Classic Streamliners - TRAINCYCLOPEDIA
The Trainphone antenna can be clearly seen on this Louisiana & Arkansas (KCS) EMD F3.
A pair of PRR E8 passenger locomotives (No. 5802 leading), class EP22, are at Dayton, Ohio Union Station, February 5, 1956. The Trainphone antennae can be seen atop both locomotives.
Trainphone was the Pennsylvania Railroad's system for voice communication between crews on moving trains and dispatchers, tower operators and such. It was also used by the Kansas City Southern, and to a lesser extent on the Duluth, Missabe and Iron Range. It did not use radio, but rather electromagnetic induction. Railroads did not own any radio frequencies at the time, and the PRR's busy network found the previous methods (passing a physical paper message, or requiring a train to stop to pick up orders) insufficient. The trainphone system was first trialed in 1936 and perfected by 1943.
The system used the track itself, or lineside telegraph wires, as the "shore" transmitter. The trainphone signal — low frequency current in the hundreds of kilohertz — was passed through the track or wires and induced a corresponding current in the locomotive or car's receiving antenna. The range was only a hundred feet or so, but this was sufficient.
Mobile trainphone antennas took the form of long, handrail-looking structures atop the tender of steam locomotives, atop the bodies of diesel locomotives, or running the entire length of a cabin car (PRR lingo for caboose).

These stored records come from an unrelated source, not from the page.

Lemma partial_inj_perm (S : finType) (f : S -> option S) :
  (forall p q y, f p = Some y -> f q = Some y -> p = q) ->
  exists s : {perm S}, forall p y, f p = Some y -> s p = y.
Proof.
move=> f_inj; pose D := [set p | f p != None]%SET; pose fD p := odflt p (f p).
have fD_inj : {in D &, injective fD}.
  move=> p q; rewrite !inE /fD.
  case fp: (f p) => [y|] //; case fq: (f q) => [z|] //= _ _ yz.
  by apply: f_inj fp _; rewrite fq yz.
(* the complements of D and of f(D) have the same size: match them up in order *)
pose dom' := enum (~: D); pose img' := enum (~: (fD @: D)).
have size_img' : size dom' = size img'.
  by rewrite -!cardE [LHS]cardsCs [RHS]cardsCs !finset.setCK card_in_imset.
have index_dom' p : p \notin D -> index p dom' < size img'.
  by move=> pD; rewrite -size_img' index_mem mem_enum inE.
pose F p := if p \in D then fD p else nth p img' (index p dom').
have F_out p : p \notin D -> F p \notin fD @: D.
  move=> pD; rewrite /F (negbTE pD).
  by have /(mem_nth p) := index_dom' p pD; rewrite mem_enum inE.
have F_inj : injective F.
  move=> p q; case: (boolP (p \in D)) => pD; case: (boolP (q \in D)) => qD.
  - by rewrite /F pD qD; apply: fD_inj.
  - by move=> Fpq; have := F_out q qD; rewrite -Fpq /F pD imset_f.
  - by move=> Fpq; have := F_out p pD; rewrite Fpq /F qD imset_f.
  - rewrite /F (negbTE pD) (negbTE qD) (set_nth_default q p (index_dom' p pD)).
    move/eqP; rewrite nth_uniq ?enum_uniq ?index_dom' // => /eqP pq.
    by apply: (index_inj p _ _ pq); rewrite mem_enum inE.
by exists (perm F_inj) => p y fp; rewrite permE /F inE fp /= /fD fp.
Qed.

Section WordPermutation.
Variables (U : eqType) (r : word U).
Hypothesis r_reduced : reduced r.
Local Notation n := (size r).

Let inordE k : k <= n.+1 -> (inord k : 'I_n.+2) = k :> nat.
Proof. by move=> ?; rewrite inordK. Qed.

Definition letter_at (j : nat) (l : U * bool) := (j < n) && (nth l r j == l).

Lemma letter_at_cancel j u b : letter_at j (u, b) -> ~~ letter_at j.+1 (u, ~~ b).
Proof.
move=> /andP[jn /eqP rj]; apply/negP => /andP[j1n /eqP rj1].
move/sortedP: r_reduced => /(_ (u, b) j j1n).
rewrite rj (set_nth_default (u, ~~ b) (u, b) j1n) rj1 /cancels /= eqxx.
by case: b {rj rj1}.
Qed.

(* The letter (u, true) at position j moves the point j to j.+1 and the letter
   (u, false) at position j moves j.+1 to j; the point 0 goes to n.+1 when
   nothing else is prescribed, so that a single letter other than (u, true)
   never moves 0 to n. *)
Definition letter_step (u : U) (p : 'I_n.+2) : option 'I_n.+2 :=
  if letter_at p (u, true) then Some (inord p.+1)
  else if (0 < p) && letter_at p.-1 (u, false) then Some (inord p.-1)
  else if p == 0 :> nat then Some ord_max else None.

Lemma letter_stepP u (p y : 'I_n.+2) : letter_step u p = Some y ->
  [\/ [/\ p < n, letter_at p (u, true) & y = p.+1 :> nat],
      [/\ 0 < p, p <= n, letter_at p.-1 (u, false) & y = p.-1 :> nat] |
      p = 0 :> nat /\ y = n.+1 :> nat].
Proof.
rewrite /letter_step; case: ifP => [at_p [<-]|_].
  by apply: Or31; case/andP: (at_p) => pn _; rewrite inordE // ltnW.
case: ifP => [/andP[p0 at_p] [<-]|_].
  apply: Or32; case/andP: (at_p) => pn _; rewrite inordE; last lia.
  by split => //; lia.
by case: ifP => [/eqP p0 [<-]|//]; apply: Or33.
Qed.

Lemma letter_step_inj u p q y :
  letter_step u p = Some y -> letter_step u q = Some y -> p = q.
Proof.
move=> /letter_stepP sp /letter_stepP sq; apply/val_inj => /=.
case: sp => [[pn atp yp]|[p0 pn atp yp]|[p0 yp]];
  case: sq => [[qn atq yq]|[q0 qn atq yq]|[q0 yq]]; try lia.
- have qp : q.-1 = p.+1 by lia.
  by move: (letter_at_cancel atp); rewrite -qp atq.
- have pq : p.-1 = q.+1 by lia.
  by move: (letter_at_cancel atq); rewrite -pq atp.
Qed.

Definition word_perm (u : U) : {perm 'I_n.+2} :=
  sval (cid (partial_inj_perm (@letter_step_inj u))).

Lemma word_permE u p y : letter_step u p = Some y -> word_perm u p = y.
Proof. exact: (svalP (cid (partial_inj_perm (@letter_step_inj u)))). Qed.

Lemma eval_letter_word_perm j l :
  letter_at j l -> eval_letter word_perm l (inord j) = inord j.+1.
Proof.
case: l => u [] /[dup] atj /andP[jn _]; rewrite /eval_letter /=.
  by apply: word_permE; rewrite /letter_step inordE ?atj //; lia.
apply: (canLR (permK (word_perm u))); apply/esym/word_permE.
have /= /negbTE not_at_next := letter_at_cancel atj.
by rewrite /letter_step !inordE /= ?not_at_next ?atj //; lia.
Qed.

Lemma eval_word_perm : (eval_word word_perm r) (inord 0) = inord n.
Proof.
suff drop_perm k :
    k <= n -> (eval_word word_perm (drop (n - k) r)) (inord (n - k)) = inord n.
  by have := drop_perm n (leqnn n); rewrite subnn drop0.
elim: k => [|k IH] kn; first by rewrite subn0 drop_size /eval_word big_nil perm1.
set j := n - k.+1; have lt_jn : j < n by lia.
case def_drop: (drop j r) => [|l rest].
  by move: (congr1 size def_drop); rewrite size_drop /=; lia.
have := drop_nth l lt_jn; rewrite def_drop => -[rj ->].
have atj : letter_at j l by rewrite /letter_at lt_jn -rj eqxx.
rewrite /eval_word big_cons permM -/(eval_word _ _) eval_letter_word_perm //.
have -> : j.+1 = n - k by lia.
exact: IH (ltnW kn).
Qed.

Lemma word_perm0 u : word_perm u (inord 0) != inord n \/ r = [:: (u, true)].
Proof.
have neq_n k : k <= n.+1 -> k != n -> (inord k : 'I_n.+2) != inord n.
  by move=> kn kNn; apply: contra kNn => /eqP/(congr1 val); rewrite /= !inordE // => ->.
case: (boolP (letter_at 0 (u, true))) => [at0|not_at0].
  have -> : word_perm u (inord 0) = inord 1%N.
    by apply: word_permE; rewrite /letter_step inordE ?at0.
  have [n1|n1] := eqVneq n 1%N; last by left; apply: neq_n => //; lia.
  right; case/andP: at0 => _; clear neq_n.
  by case: r r_reduced n1 => [|l [|? ?]] //= _ _ /eqP ->.
have -> : word_perm u (inord 0) = ord_max.
  by apply: word_permE; rewrite /letter_step inordE ?(negbTE not_at0).
by left; rewrite -[ord_max]inord_val neq_n //=; apply/eqP; lia.
Qed.

End WordPermutation.

Definition discrete_group (T : finGroupType) := discrete_topology T.
HB.instance Definition _ (T : finGroupType) := Group.copy (discrete_group T) T.
HB.instance Definition _ (T : finGroupType) :=
  DiscreteTopology.copy (discrete_group T) (discrete_topology T).
HB.instance Definition _ (T : finGroupType) := Finite.copy (discrete_group T) T.

Section DiscreteGroup.
Variable T : finGroupType.

Lemma discrete_group_continuous (Y : topologicalType) (f : discrete_group T -> Y) :
  continuous f.
Proof. by apply/continuousP => A _; apply: discrete_open. Qed.

Lemma discrete_group_continuous2 (Y : topologicalType)
    (f : discrete_group T * discrete_group T -> Y) : continuous f.
Proof.
move=> [a b] V /= fV; exists ([set a], [set b]) => /=.
  by split; apply: discrete_set1.
by move=> [x y] [/= -> ->]; apply: nbhs_singleton.
Qed.

HB.instance Definition _ := isTopGroup.Build (discrete_group T)
  (@discrete_group_continuous2 _ _) (@discrete_group_continuous _ _).

Lemma discrete_group_prec_na : prec_na_group (discrete_group T).
Proof.
split; first exact: discrete_hausdorff.
- move=> U U1; exists (enum T) => y; exists y; first by rewrite mem_enum.
  by rewrite /two_sided_ent /= mulVg mulgV; split; apply: nbhs_singleton.
- move=> U U1; exists [set 1]; split; last by move=> x ->; apply: nbhs_singleton.
  + by split => //; split => [x y -> ->|x ->]; rewrite ?mulg1 ?invg1.
  + exact: discrete_open.
Qed.

Lemma discrete_group_profinite : profinite_group (discrete_group T).
Proof.
split; first exact: discrete_hausdorff.
- exact/finite_compact/finite_finset.
- exact: zero_dimension_totally_disconnected discrete_zero_dimension.
Qed.

End DiscreteGroup.

Lemma two_sided_ent_equiv (G : topGroupType) (K : set G) :
  is_subgroup K -> equiv_rel_set (two_sided_ent K).
Proof.
move=> [K1 [KM KV]]; rewrite /two_sided_ent.
split => [x|x y [l r]|x y z [l r] [l' r']] /=.
- by rewrite mulVg mulgV.
- have -> : y^-1 * x = (x^-1 * y)^-1 by rewrite invgM invgK.
  have -> : x * y^-1 = (y * x^-1)^-1 by rewrite invgM invgK.
  by split; apply: KV.
- have -> : x^-1 * z = (x^-1 * y) * (y^-1 * z) by rewrite -mulgA mulVKg.
  have -> : z * x^-1 = (z * y^-1) * (y * x^-1) by rewrite -mulgA mulKg.
  by split; apply: KM.
Qed.

Lemma continuous_pair_map (A B C D : topologicalType) (f : A -> C) (g : B -> D) :
  continuous f -> continuous g -> continuous (fun p : A * B => (f p.1, g p.2)).
Proof.
move=> cf cg [a b]; apply: cvg_pair => /=.
- exact: (@continuous_comp _ _ _ fst f (a, b) (@cvg_fst _ _ _ _ _) (cf a)).
- exact: (@continuous_comp _ _ _ snd g (a, b) (@cvg_snd _ _ _ _ _) (cg b)).
Qed.

Definition subgroup_type (G : topGroupType) (S : set G) of is_subgroup S : Type :=
  set_type S.

Section Subgroup.
Variables (G : topGroupType) (S : set G) (S_subgroup : is_subgroup S).
Local Notation H := (subgroup_type S_subgroup).

HB.instance Definition _ := Choice.copy H (set_type S).
HB.instance Definition _ := Topological.copy H (set_type S).

Definition subgroup_val (a : H) : G := set_val a.
Local Notation sv := subgroup_val.

Lemma subgroup_val_inj : injective sv.
Proof. by move=> a b /val_inj. Qed.

Lemma subgroup_valP (a : H) : S (sv a).
Proof. exact: set_valP. Qed.

Definition subgroup_elt (g : G) (Sg : S g) : H := SigSub (mem_set Sg).

Let S1 : S 1 := S_subgroup.1.
Let SM : forall x y, S x -> S y -> S (x * y) := S_subgroup.2.1.
Let SV : forall x, S x -> S x^-1 := S_subgroup.2.2.

Definition subgroup_one : H := subgroup_elt S1.
Definition subgroup_mul (a b : H) : H :=
  subgroup_elt (SM (subgroup_valP a) (subgroup_valP b)).
Definition subgroup_inv (a : H) : H := subgroup_elt (SV (subgroup_valP a)).

Lemma subgroup_mulA : associative subgroup_mul.
Proof. by move=> a b c; apply: subgroup_val_inj; apply: mulgA. Qed.
Lemma subgroup_mul1g : left_id subgroup_one subgroup_mul.
Proof. by move=> a; apply: subgroup_val_inj; apply: mul1g. Qed.
Lemma subgroup_mulg1 : right_id subgroup_one subgroup_mul.
Proof. by move=> a; apply: subgroup_val_inj; apply: mulg1. Qed.
Lemma subgroup_mulVg : left_inverse subgroup_one subgroup_inv subgroup_mul.
Proof. by move=> a; apply: subgroup_val_inj; apply: mulVg. Qed.
Lemma subgroup_mulgV : right_inverse subgroup_one subgroup_inv subgroup_mul.
Proof. by move=> a; apply: subgroup_val_inj; apply: mulgV. Qed.

HB.instance Definition _ := isGroup.Build H
  subgroup_mulA subgroup_mul1g subgroup_mulg1 subgroup_mulVg subgroup_mulgV.

Lemma subgroup_val_continuous : continuous sv.
Proof. exact: initial_continuous. Qed.

Lemma subgroup_mul_continuous : continuous (fun p : H * H => p.1 * p.2).
Proof.
apply: (@continuous_comp_initial _ _ _ sv).
have -> : sv \o (fun p : H * H => p.1 * p.2) =
  (fun q : G * G => q.1 * q.2) \o (fun p : H * H => (sv p.1, sv p.2)) by [].
move=> p; apply: continuous_comp; last exact: mul_continuous.
exact: continuous_pair_map subgroup_val_continuous subgroup_val_continuous p.
Qed.

Lemma subgroup_inv_continuous : continuous (fun a : H => a^-1).
Proof.
apply: (@continuous_comp_initial _ _ _ sv).
have -> : sv \o (fun a : H => a^-1) = (fun g : G => g^-1) \o sv by [].
move=> a; apply: continuous_comp; last exact: inv_continuous.
exact: subgroup_val_continuous.
Qed.

HB.instance Definition _ :=
  isTopGroup.Build H subgroup_mul_continuous subgroup_inv_continuous.

Lemma subgroup_valM (a b : H) : sv (a * b) = sv a * sv b. Proof. by []. Qed.
Lemma subgroup_valV (a : H) : sv a^-1 = (sv a)^-1. Proof. by []. Qed.

Lemma subgroup_nbhs1 (U : set H) : nbhs 1 U ->
  exists V : set G, [/\ open V, V 1 & sv @^-1` V `<=` U].
Proof.
rewrite nbhsE => -[B [[V oV VB] B1] BU]; exists V.
by split => //; rewrite ?VB //; rewrite -VB in B1.
Qed.

Lemma subgroup_nbhs1_open_subgroup (U : set H) : na_group G -> nbhs 1 U ->
  exists K : set G, [/\ is_subgroup K, open K & sv @^-1` K `<=` U].
Proof.
move=> naG /subgroup_nbhs1 [V [oV V1 VU]].
have [K [K_sub oK KV]] := naG V (open_nbhs_nbhs (conj oV V1)).
by exists K; split => // a /KV; apply: VU.
Qed.

Lemma subgroup_hausdorff : hausdorff_space G -> hausdorff_space H.
Proof.
move=> hG a b ab; apply: subgroup_val_inj; apply: hG => A B nA nB.
have [c [Ac Bc]] := ab _ _ (subgroup_val_continuous nA) (subgroup_val_continuous nB).
by exists (sv c).
Qed.

Lemma subgroup_na : na_group G -> na_group H.
Proof.
move=> naG U /(subgroup_nbhs1_open_subgroup naG) [K [[K1 [KM KV]] oK KU]].
exists (sv @^-1` K); split => //.
- split => //; split => [a b|a] /=; rewrite ?subgroup_valM ?subgroup_valV.
  + exact: KM.
  + exact: KV.
- by move/continuousP: subgroup_val_continuous; apply.
Qed.

Lemma subgroup_precompact : na_group G -> precompact_group G -> precompact_group H.
Proof.
move=> naG pG U /(subgroup_nbhs1_open_subgroup naG) [K [K_sub oK KU]].
have [A netA] := pG K (open_nbhs_nbhs (conj oK K_sub.1)).
have [_ Ksym Ktrans] := two_sided_ent_equiv K_sub.
(* replace each point of the net by a point of H close to it, if there is one *)
pose pick b : option H :=
  if pselect (exists a : H, two_sided_ent K (b, sv a)) is left e
  then Some (proj1_sig (cid e)) else None.
exists (pmap pick A) => y; have [b bA b_y] := netA (sv y).
have [a pick_b] : exists a, pick b = Some a.
  by rewrite /pick; case: pselect => [e|ne]; [eexists | case: ne; exists y].
exists a; first by rewrite mem_pmap; apply/mapP; exists b.
move: pick_b; rewrite /pick; case: pselect => // e [<-]; case: (cid e) => c /= bc.
by have [cy yc] := Ktrans _ _ _ (Ksym _ _ bc) b_y; split; apply: KU.
Qed.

The engineer or other crew member would talk through a regular-looking telephone handset. An attention loudspeaker was also installed, but it was easier to hear the messages with the handset.
The biggest problem with the trainphone system was that it could not work in electrified zones, because of interference from the electric supply and electrical equipment on the locomotive. Since the electrified zones were among the PRR's busiest, this was a serious disadvantage.
The trainphone system was abandoned in the 1960s as radio took over.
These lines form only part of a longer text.